Repeat, line for line, the entries below from the first line to the line containing "Definition rho_site (R", counting both ends.

─── Records for processing ───

(* Site-specific fixation probability: probability of eventual absorption in
   (M,...,M) starting from M at site i only.  Since (M,...,M) is absorbing, this is
   the limit of the (nondecreasing) n-step probabilities of being in (M,...,M). *)
Definition rho_site (R : realType) (N : nat) (p : event N -> R) (i : 'I_N) : R :=
  limn (fun n => nstep p n (single i) (allM N)).

Definition erate (R : realType) (N : nat) (p : event N -> R) (i j : 'I_N) : R :=
  \sum_(a : event N | a j == Some i) p a.
Definition birth (R : realType) (N : nat) (p : event N -> R) (i : 'I_N) : R :=
  \sum_(j : 'I_N) erate p i j.
Definition death (R : realType) (N : nat) (p : event N -> R) (i : 'I_N) : R :=
  \sum_(j : 'I_N) erate p j i.
Definition Btot (R : realType) (N : nat) (p : event N -> R) : R :=
  \sum_(i : 'I_N) \sum_(j : 'I_N) erate p i j.

Definition rho_overall (R : realType) (N : nat) (p : event N -> R) : R :=
  (Btot p)^-1 * \sum_(i : 'I_N) death p i * rho_site p i.

Definition Kclock (R : realType) (N : nat) (p : event N -> R) (u : R) : R :=
  N%:R * u * rho_overall p.

From HB Require Import structures.
From mathcomp Require Import all_boot all_order all_algebra.
From mathcomp Require Import all_classical all_reals all_analysis.
From mathcomp Require Import ring lra.
Import Order.TTheory GRing.Theory Num.Theory.
Import numFieldNormedType.Exports.
Local Open Scope ring_scope.
Set Implicit Arguments. Unset Strict Implicit. Unset Printing Implicit Defensive.

(* Follow ancestries backwards.  Events act on ancestry maps g : 'I_N -> 'I_N
   (g j is the site whose initial occupant is the ancestor of the occupant of j),
   and the state reached from s is s \o g.  So rho_i is the limiting probability
   that every site descends from i, and sum_i rho_i is the probability that the
   ancestry eventually coalesces.  The event sequence l of the fixation assumption
   coalesces every ancestry, so from any ancestry the chain coalesces within |l|
   steps with probability at least q = prod_(a in l) p a > 0; hence it coalesces
   almost surely and sum_i rho_i = 1.  With constant death rate d,
   B = N d and rho = (N d)^-1 d sum_i rho_i = 1/N. *)

Definition gstep (N : nat) (T : Type) (a : event N) (x : {ffun 'I_N -> T}) :
    {ffun 'I_N -> T} :=
  [ffun i => if a i is Some j then x j else x i].

Definition grun (N : nat) (T : Type) (l : seq (event N)) (x : {ffun 'I_N -> T}) :
    {ffun 'I_N -> T} :=
  foldl (fun x a => gstep a x) x l.

Section Expectation.
Variables (R : realType) (N : nat) (T : Type) (p : event N -> R).
Hypothesis p_ge0 : forall a, 0 <= p a.
Hypothesis p_sum1 : \sum_a p a = 1.

Fixpoint expect (n : nat) (f : {ffun 'I_N -> T} -> R) (x : {ffun 'I_N -> T}) : R :=
  if n is n'.+1 then \sum_a p a * expect n' f (gstep a x) else f x.

Lemma eq_expect n f g : f =1 g -> expect n f =1 expect n g.
Proof.
move=> fg; elim: n => [|n IH] x /=; first exact: fg.
by apply: eq_bigr => a _; rewrite IH.
Qed.

Lemma expect_add n m f x : expect (n + m) f x = expect n (expect m f) x.
Proof. by elim: n x => [|n IH] x //=; apply: eq_bigr => a _; rewrite IH. Qed.

Lemma expect_sum (I : finType) (F : I -> {ffun 'I_N -> T} -> R) n x :
  expect n (fun y => \sum_i F i y) x = \sum_i expect n (F i) x.
Proof.
elim: n x => [|n IH] x //=; rewrite exchange_big /=.
by apply: eq_bigr => a _; rewrite IH big_distrr.
Qed.

Lemma expect_affine n c k f x :
  expect n (fun y => c + k * f y) x = c + k * expect n f x.
Proof.
elim: n x => [|n IH] x //=.
under eq_bigr do rewrite IH mulrDr.
rewrite big_split /= -big_distrl /= p_sum1 mul1r big_distrr /=.
by congr (_ + _); apply: eq_bigr => a _; rewrite mulrCA.
Qed.

Lemma ler_expect n f g x : (forall y, f y <= g y) -> expect n f x <= expect n g x.
Proof.
move=> fg; elim: n x => [|n IH] x /=; first exact: fg.
by apply: ler_sum => a _; rewrite ler_wpM2l.
Qed.

Lemma expect_cst n c x : expect n (fun=> c) x = c.
Proof.
elim: n x => [|n IH] x //=.
by under eq_bigr do rewrite IH; rewrite -big_distrl /= p_sum1 mul1r.
Qed.

Lemma expect_le1 n f x : (forall y, f y <= 1) -> expect n f x <= 1.
Proof. by move=> f_le1; rewrite -(expect_cst n 1 x) ler_expect. Qed.

Lemma expect_ge0 n f x : (forall y, 0 <= f y) -> 0 <= expect n f x.
Proof.
move=> f_ge0; elim: n x => [|n IH] x //=.
by apply: sumr_ge0 => a _; rewrite mulr_ge0.
Qed.

Lemma expect_ge_run l f x :
  (forall y, 0 <= f y) -> (\prod_(a <- l) p a) * f (grun l x) <= expect (size l) f x.
Proof.
move=> f_ge0; elim: l x => [|a l IH] x /=; first by rewrite big_nil mul1r.
rewrite big_cons -mulrA (bigD1 a) //=.
apply: (@le_trans _ _ (p a * expect (size l) f (gstep a x))).
  by rewrite ler_wpM2l ?IH.
by rewrite lerDl sumr_ge0 // => b _; rewrite mulr_ge0 ?expect_ge0.
Qed.

Lemma expect_nondecreasing f x :
  (forall a y, f y <= f (gstep a y)) -> nondecreasing_seq (fun n => expect n f x).
Proof.
move=> f_step; apply/nondecreasing_seqP => n.
rewrite -addn1 expect_add; apply: ler_expect => y /=.
rewrite -[f y]mul1r -p_sum1 big_distrl /=.
by apply: ler_sum => a _; rewrite ler_wpM2l.
Qed.

End Expectation.

Lemma expect_map (R : realType) (N : nat) (T1 T2 : Type) (p : event N -> R)
    (phi : {ffun 'I_N -> T1} -> {ffun 'I_N -> T2}) f n x :
  (forall a y, gstep a (phi y) = phi (gstep a y)) ->
  expect p n f (phi x) = expect p n (f \o phi) x.
Proof.
move=> phi_step; elim: n x => [|n IH] x //=.
by apply: eq_bigr => a _; rewrite phi_step IH.
Qed.

Lemma nstep_expect (R : realType) (N : nat) (p : event N -> R) n (s t : state N) :
  nstep p n s t = expect p n (fun x => (x == t)%:R) s.
Proof.
elim: n s => [|n IH] s //=.
rewrite (partition_big (fun a => step a s) predT) //=.
apply: eq_bigr => u _; rewrite /trans big_distrl /=.
by apply: eq_bigr => a /eqP step_a; rewrite IH -step_a.
Qed.

Section Ancestry.
Variable N : nat.
Implicit Types (s : state N) (g : {ffun 'I_N -> 'I_N}) (i : 'I_N) (a : event N).

Definition ancestral s g : state N := [ffun j => s (g j)].

Lemma gstep_ancestral a s g : gstep a (ancestral s g) = ancestral s (gstep a g).
Proof. by apply/ffunP => j; rewrite !ffunE; case: (a j) => [k|]; rewrite ?ffunE. Qed.

Lemma run_ancestral l s g : run l (ancestral s g) = ancestral s (grun l g).
Proof.
elim: l g => [|a l IH] g //.
by rewrite [run _ _]/= -[step _ _]/(gstep a _) gstep_ancestral IH.
Qed.

Definition descends_from i g : bool := [forall j, g j == i].

Definition coalesced g : bool := [exists i, descends_from i g].

Lemma ancestral_single_allM i g : (ancestral (single i) g == allM N) = descends_from i g.
Proof.
apply/eqP/forallP => [gi j | gi].
  by have := congr1 (fun s : state N => s j) gi; rewrite !ffunE.
by apply/ffunP => j; rewrite !ffunE gi.
Qed.

Lemma descends_from_gstep i a g : descends_from i g -> descends_from i (gstep a g).
Proof.
move=> /forallP gi; apply/forallP => j; rewrite ffunE.
by case: (a j) => [k|]; apply: gi.
Qed.

Lemma coalesced_gstep a g : coalesced g -> coalesced (gstep a g).
Proof. by case/existsP=> i gi; apply/existsP; exists i; apply: descends_from_gstep. Qed.

Lemma sum_descends_from (R : nzSemiRingType) g :
  \sum_i (descends_from i g)%:R = (coalesced g)%:R :> R.
Proof.
case: (boolP (coalesced g)) => [/existsP [i gi] | /existsPn g_nc].
  rewrite (bigD1 i) //= gi big1 ?addr0 // => k k_neq_i.
  suff -> : descends_from k g = false by [].
  apply: contraNF k_neq_i; move: gi; rewrite /descends_from => /forallP gi /forallP gk.
  by rewrite -(eqP (gi i)) (eqP (gk i)).
by apply: big1 => i _; rewrite (negbTE (g_nc i)).
Qed.

Lemma grun_descends_from i l :
  (forall s j, run l s j = s i) -> forall g, descends_from (g i) (grun l g).
Proof.
move=> l_fix g; apply/forallP => j.
by have := l_fix (ancestral [ffun k => k == g i] g) j; rewrite run_ancestral !ffunE eqxx.
Qed.

End Ancestry.

Lemma limn_eq1_geometric (R : realType) (c : R^nat) (r : R) (m : nat) :
  nondecreasing_seq c -> (forall n, c n <= 1) -> 0 <= r < 1 ->
  (forall k, 1 - r ^+ k <= c (k * m)%N) -> limn c = 1.
Proof.
move=> c_nd c_le1 /andP [r_ge0 r_lt1] c_ge.
have c_cvg : cvgn c.
  by apply: nondecreasing_is_cvgn => //; exists 1 => _ [n _ <-].
have r_cvg : (r ^+ n @[n --> \oo] --> 0)%classic by apply: cvg_expr; rewrite ger0_norm.
apply/eqP; rewrite eq_le; apply/andP; split.
  by apply: limr_le => //; apply: nearW.
rewrite -subr_le0 -(cvg_lim _ r_cvg) //; apply: limr_ge; first exact: cvgP r_cvg.
apply: nearW => k; have := nondecreasing_cvgn_le c_nd c_cvg (k * m).
by have := c_ge k; lra.
Qed.

Section Coalescence.
Variables (R : realType) (N : nat) (p : event N -> R).
Hypotheses (p_ge0 : forall a, 0 <= p a) (p_sum1 : \sum_a p a = 1).
Variables (i0 : 'I_N) (l0 : seq (event N)).
Hypothesis l0_pos : all (fun a => 0 < p a) l0.
Hypothesis l0_fix : forall s j, run l0 s j = s i0.

Let q := \prod_(a <- l0) p a.
Let C (g : {ffun 'I_N -> 'I_N}) : R := (coalesced g)%:R.

Let q_gt0 : 0 < q.
Proof. by rewrite /q big_seq; apply: prodr_gt0 => a /(allP l0_pos). Qed.

Let q_le1 : q <= 1.
Proof.
apply: prodr_ile1 => a _; rewrite p_ge0 -p_sum1 (bigD1 a) //=.
by rewrite lerDl sumr_ge0.
Qed.

Let C_step a g : C g <= C (gstep a g).
Proof. by rewrite ler_nat; case: (boolP (coalesced g)) => // /(coalesced_gstep a) ->. Qed.

(* Either g has already coalesced, or the run l0, of probability q, coalesces it. *)
Lemma expect_coalesced_run g : q + (1 - q) * C g <= expect p (size l0) C g.
Proof.
case: (boolP (coalesced g)) => g_c.
  have := expect_nondecreasing p_ge0 p_sum1 g C_step (leq0n (size l0)).
  by rewrite /= /C g_c mulr1 addrC subrK.
rewrite /C (negbTE g_c) mulr0 addr0.
apply: le_trans (expect_ge_run p_ge0 l0 g _) => [|y]; last by rewrite ler0n.
suff -> : coalesced (grun l0 g) by rewrite mulr1.
by apply/existsP; exists (g i0); apply: grun_descends_from.
Qed.

Lemma expect_coalesced_geometric k g :
  1 - (1 - q) ^+ k <= expect p (k * size l0) C g.
Proof.
elim: k g => [|k IH] g; first by rewrite expr0 subrr /C ler0n.
rewrite mulSn addnC expect_add.
apply: le_trans (ler_expect p_ge0 _ _ expect_coalesced_run).
have -> : 1 - (1 - q) ^+ k.+1 = q + (1 - q) * (1 - (1 - q) ^+ k) by rewrite exprS; ring.
by rewrite expect_affine // lerD2l ler_wpM2l ?subr_ge0.
Qed.

Lemma limn_expect_coalesced g : limn (fun n => expect p n C g) = 1.
Proof.
apply: (@limn_eq1_geometric _ _ (1 - q) (size l0)).
- exact: expect_nondecreasing.
- by move=> n; apply: expect_le1 => // y; rewrite /C lern1 leq_b1.
- by rewrite subr_ge0 q_le1 /= ltrBlDr ltrDl.
- by move=> k; apply: expect_coalesced_geometric.
Qed.

End Coalescence.

Lemma rho_site_expect (R : realType) (N : nat) (p : event N -> R) (i : 'I_N) :
  rho_site p i = limn (fun n => expect p n (fun g => (descends_from i g)%:R) [ffun j => j]).
Proof.
rewrite /rho_site; congr (limn _); apply/funext => n; rewrite nstep_expect.
have -> : single i = ancestral (single i) [ffun j => j] by apply/ffunP => j; rewrite !ffunE.
rewrite expect_map; last by move=> a g; apply: gstep_ancestral.
by apply: eq_expect => g /=; rewrite ancestral_single_allM.
Qed.

Lemma sum_rho_site (R : realType) (N : nat) (p : event N -> R) :
  is_replacement_rule p -> fixation_assumption p -> \sum_i rho_site p i = 1.
Proof.
move=> [p_ge0 p_sum1] [i0 [l0 [l0_pos l0_fix]]].
pose g0 : {ffun 'I_N -> 'I_N} := [ffun j => j].
pose v i n := expect p n (fun g => (descends_from i g)%:R : R) g0.
have v_cvg i : cvgn (v i).
  apply: nondecreasing_is_cvgn.
    apply: expect_nondecreasing => // a g.
    by rewrite ler_nat; case: (boolP (descends_from i g)) => // /(descends_from_gstep a) ->.
  exists 1 => _ [n _ <-]; apply: expect_le1 => // g.
  by rewrite lern1 leq_b1.
have sum_v : (\sum_i v i n @[n --> \oo] --> \sum_i limn (v i))%classic.
  by apply: cvg_big => [|i _]; [exact: add_continuous | exact: v_cvg].
under eq_bigr do rewrite rho_site_expect.
rewrite -(cvg_lim _ sum_v) // -(limn_expect_coalesced p_ge0 p_sum1 l0_pos l0_fix g0).
congr (limn _); apply/funext => n /=.
by rewrite -expect_sum; apply: eq_expect => g; rewrite sum_descends_from.
Qed.

Lemma Btot_death (R : realType) (N : nat) (p : event N -> R) :
  Btot p = \sum_i death p i.
Proof. exact: exchange_big. Qed.

Unset Implicit Arguments.

Theorem mainTheorem1 (R : realType) (N : nat) (p : event N -> R) (u : R) :
  is_replacement_rule p ->
  fixation_assumption p ->
  0 < Btot p ->
  0 < u ->
  (exists d : R, forall i : 'I_N, death p i = d) ->
  rho_overall p = (N%:R)^-1 /\ Kclock p u = u.
Proof.
move=> p_rule p_fix B_gt0 _ [d death_d].
have B_Nd : Btot p = N%:R * d.
  by rewrite Btot_death; under eq_bigr do rewrite death_d; rewrite sumr_const card_ord mulr_natl.
have /andP [N_neq0 d_neq0] : (N%:R != 0 :> R) && (d != 0).
  by rewrite -negb_or -mulf_eq0 -B_Nd lt0r_neq0.
have rhoE : rho_overall p = (N%:R)^-1.
  rewrite /rho_overall B_Nd; under eq_bigr do rewrite death_d.
  by rewrite -big_distrr /= sum_rho_site // mulr1 invfM -mulrA mulVf ?mulr1.
by split=> //; rewrite /Kclock rhoE mulrAC mulfV ?mul1r.
Qed.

───

Expected answer:
(* Site-specific fixation probability: probability of eventual absorption in
   (M,...,M) starting from M at site i only.  Since (M,...,M) is absorbing, this is
   the limit of the (nondecreasing) n-step probabilities of being in (M,...,M). *)
Definition rho_site (R : realType) (N : nat) (p : event N -> R) (i : 'I_N) : R :=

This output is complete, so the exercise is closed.